* [The task]
Each line from the one containing "- exact: invC." through the end of the data below is to be output verbatim, with no lines added or left out.

Records from a data source:
Lemma schur_scalar (M E : 'M[F]_n) : irreducible_sub G M -> equivariant_on G M E ->
  (M *m E <= M)%MS -> exists c, forall y : 'rV_n, (y <= M)%MS -> y *m E = c *: y.
Proof.
move=> [invM rkM irrM] eqE ME_M.
pose B := row_base M; pose ER := B *m E *m pinvmx B.
have ER_B : ER *m B = B *m E by rewrite mulmxKpV // eq_row_base (eqmxMr E (eq_row_base M)).
have [c] : exists c, root (char_poly ER) c.
  by apply/closed_rootP; rewrite size_char_poly eqSS -lt0n.
rewrite -eigenvalue_root_char => /eigenvalueP[u uER u0].
exists c; pose K := (M :&: kermx (E - c%:M))%MS.
have eqEc : equivariant_on G M (E - c%:M).
  move=> g Gg; rewrite !mulmxBr !mul_mx_scalar eqE //.
  by rewrite mulmxBl -scalemxAl.
have uBK : (u *m B <= K)%MS.
  rewrite sub_capmx (submx_trans (submxMl u B)) ?eq_row_base //=.
  apply/sub_kermxP.
  by rewrite mulmxBr -mulmxA -ER_B mulmxA uER mul_mx_scalar -scalemxAl subrr.
have uB0 : u *m B != 0.
  apply: contra u0 => /eqP uB0; apply/eqP/(row_free_inj (row_base_free M)).
  by rewrite mul0mx.
have [/eqP|/eqmxP MK] := irrM K (invariant_cap_kermx invM eqEc) (capmxSl _ _).
  by rewrite mxrank_eq0 => /eqP K0; move: uBK; rewrite K0 submx0 (negbTE uB0).
move=> y; rewrite -MK sub_capmx => /andP[_ /sub_kermxP].
by rewrite mulmxBr mul_mx_scalar => /eqP; rewrite subr_eq0 => /eqP.
Qed.

Lemma giso_hom_scalar (M M' f h : 'M[F]_n) : irreducible_sub G M -> giso G M M' f ->
  equivariant_on G M h -> (M *m h <= M')%MS ->
  exists c, forall y : 'rV_n, (y <= M)%MS -> y *m h = c *: (y *m f).
Proof.
move=> irrM isof eqh MhM'; have [invM _ _] := irrM.
have [M'f'M _ eqf'] := giso_inviso invM isof.
have eqhf' : equivariant_on G M (h *m inviso M f).
  by apply: equivariant_onM eqh (equivariant_on_sub eqf' _).
have [|c hc] := schur_scalar irrM eqhf'; first by rewrite -M'f'M mulmxA submxMr.
exists c => y yM; rewrite -(mul_invisoK isof (submx_trans (submxMr h yM) MhM')).
by rewrite -(mulmxA y h) hc // scalemxAl.
Qed.

End Schur.

Section Components.
Variables (F : fieldType) (n : nat) (G : 'M[F]_n -> Prop).
Unset Implicit Arguments.
Variables (k : nat) (mult : 'I_k -> nat) (comp : forall i, 'I_(mult i) -> 'M[F]_n).
Set Implicit Arguments.

Definition comp_index := {i : 'I_k & 'I_(mult i)}.
Definition copy_of i (j : 'I_(mult i)) : comp_index := Tagged _ j.
Definition component (s : comp_index) := comp (tag s) (tagged s).
Definition component_proj (s : comp_index) :=
  proj_mx (component s) (\sum_(t | t != s) component t)%MS.

Lemma copy_of_inj i (j j' : 'I_(mult i)) : (copy_of j == copy_of j') = (j == j').
Proof. exact: eq_Tagged. Qed.

Lemma big_comp_index (R : Type) (idx : R) (op : Monoid.com_law idx)
    (X : forall i, 'I_(mult i) -> R) :
  \big[op/idx]_(i < k) \big[op/idx]_(j < mult i) X i j =
  \big[op/idx]_(s : comp_index) X (tag s) (tagged s).
Proof. exact: (sig_big_dep xpredT (fun _ => xpredT)). Qed.

Hypotheses (invC : forall i j, invariant G (comp i j))
  (rkC : (\sum_(i < k) \sum_(j < mult i) \rank (comp i j))%N = n)
  (fullC : row_full (\sum_(i < k) \sum_(j < mult i) comp i j)%MS).

Let full_components : row_full (\sum_s component s)%MS.
Proof. by move: fullC; rewrite big_comp_index. Qed.

Let component_cap_others s : (component s :&: \sum_(t | t != s) component t)%MS = 0.
Proof.
have direct : mxdirect (\sum_s component s)%MS.
  rewrite mxdirectE /= (eqP full_components).
  by move: rkC; rewrite big_comp_index => ->.
by move/mxdirect_sumsP: direct; apply.
Qed.

Lemma component_proj_id s (y : 'rV_n) :
  (y <= component s)%MS -> y *m component_proj s = y.
Proof. exact: proj_mx_id. Qed.

Lemma component_proj_eq0 s t (y : 'rV_n) :
  t != s -> (y <= component t)%MS -> y *m component_proj s = 0.
Proof. by move=> ts yt; apply: proj_mx_0 => //; apply: (sumsmx_sup t). Qed.

Lemma component_proj_sub s (y : 'rV_n) : (y *m component_proj s <= component s)%MS.
Proof. exact: proj_mx_sub. Qed.

Lemma component_proj_equivariant s : equivariant G (component_proj s).
Proof.
apply: proj_mx_equivariant; split; rewrite ?component_cap_others //.
- exact: invC.
- by apply: invariant_sums => t; apply: invC.
- by move: full_components; rewrite (bigD1 s).
Qed.

Lemma component_proj_sum (w : comp_index -> 'rV_n) t :
  (forall s, (w s <= component s)%MS) -> (\sum_s w s) *m component_proj t = w t.
Proof.
move=> wC; rewrite mulmx_suml (bigD1 t) //= component_proj_id // big1 ?addr0 //.
by move=> s st; apply: component_proj_eq0 st (wC s).
Qed.

Lemma sum_component_proj (x : 'rV_n) : x = \sum_s x *m component_proj s.
Proof.
have /sub_sumsmxP[u ->] := submx_full x full_components.
by apply: eq_bigr => t _; rewrite component_proj_sum // => s; apply: submxMl.
Qed.

Lemma sum_copies (x : 'rV_n) :
  x = \sum_(i < k) \sum_(j < mult i) x *m component_proj (copy_of j).
Proof. by rewrite big_comp_index -sum_component_proj. Qed.

Lemma component_proj_copy (w : forall i, 'I_(mult i) -> 'rV_n) i j :
  (forall i j, (w i j <= comp i j)%MS) ->
  (\sum_(i < k) \sum_(j < mult i) w i j) *m component_proj (copy_of j) = w i j.
Proof.
move=> wC; rewrite big_comp_index.
by apply: (component_proj_sum (w := fun s => w (tag s) (tagged s))) => s; apply: wC.
Qed.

* [Solution to this exercise]
- exact: invC.
- by apply: invariant_sums => t; apply: invC.
- by move: full_components; rewrite (bigD1 s).
Qed.

Lemma component_proj_sum (w : comp_index -> 'rV_n) t :
  (forall s, (w s <= component s)%MS) -> (\sum_s w s) *m component_proj t = w t.
Proof.
move=> wC; rewrite mulmx_suml (bigD1 t) //= component_proj_id // big1 ?addr0 //.
by move=> s st; apply: component_proj_eq0 st (wC s).
Qed.

Lemma sum_component_proj (x : 'rV_n) : x = \sum_s x *m component_proj s.
Proof.
have /sub_sumsmxP[u ->] := submx_full x full_components.
by apply: eq_bigr => t _; rewrite component_proj_sum // => s; apply: submxMl.
Qed.

Lemma sum_copies (x : 'rV_n) :
  x = \sum_(i < k) \sum_(j < mult i) x *m component_proj (copy_of j).
Proof. by rewrite big_comp_index -sum_component_proj. Qed.

Lemma component_proj_copy (w : forall i, 'I_(mult i) -> 'rV_n) i j :
  (forall i j, (w i j <= comp i j)%MS) ->
  (\sum_(i < k) \sum_(j < mult i) w i j) *m component_proj (copy_of j) = w i j.
Proof.
move=> wC; rewrite big_comp_index.
by apply: (component_proj_sum (w := fun s => w (tag s) (tagged s))) => s; apply: wC.
Qed.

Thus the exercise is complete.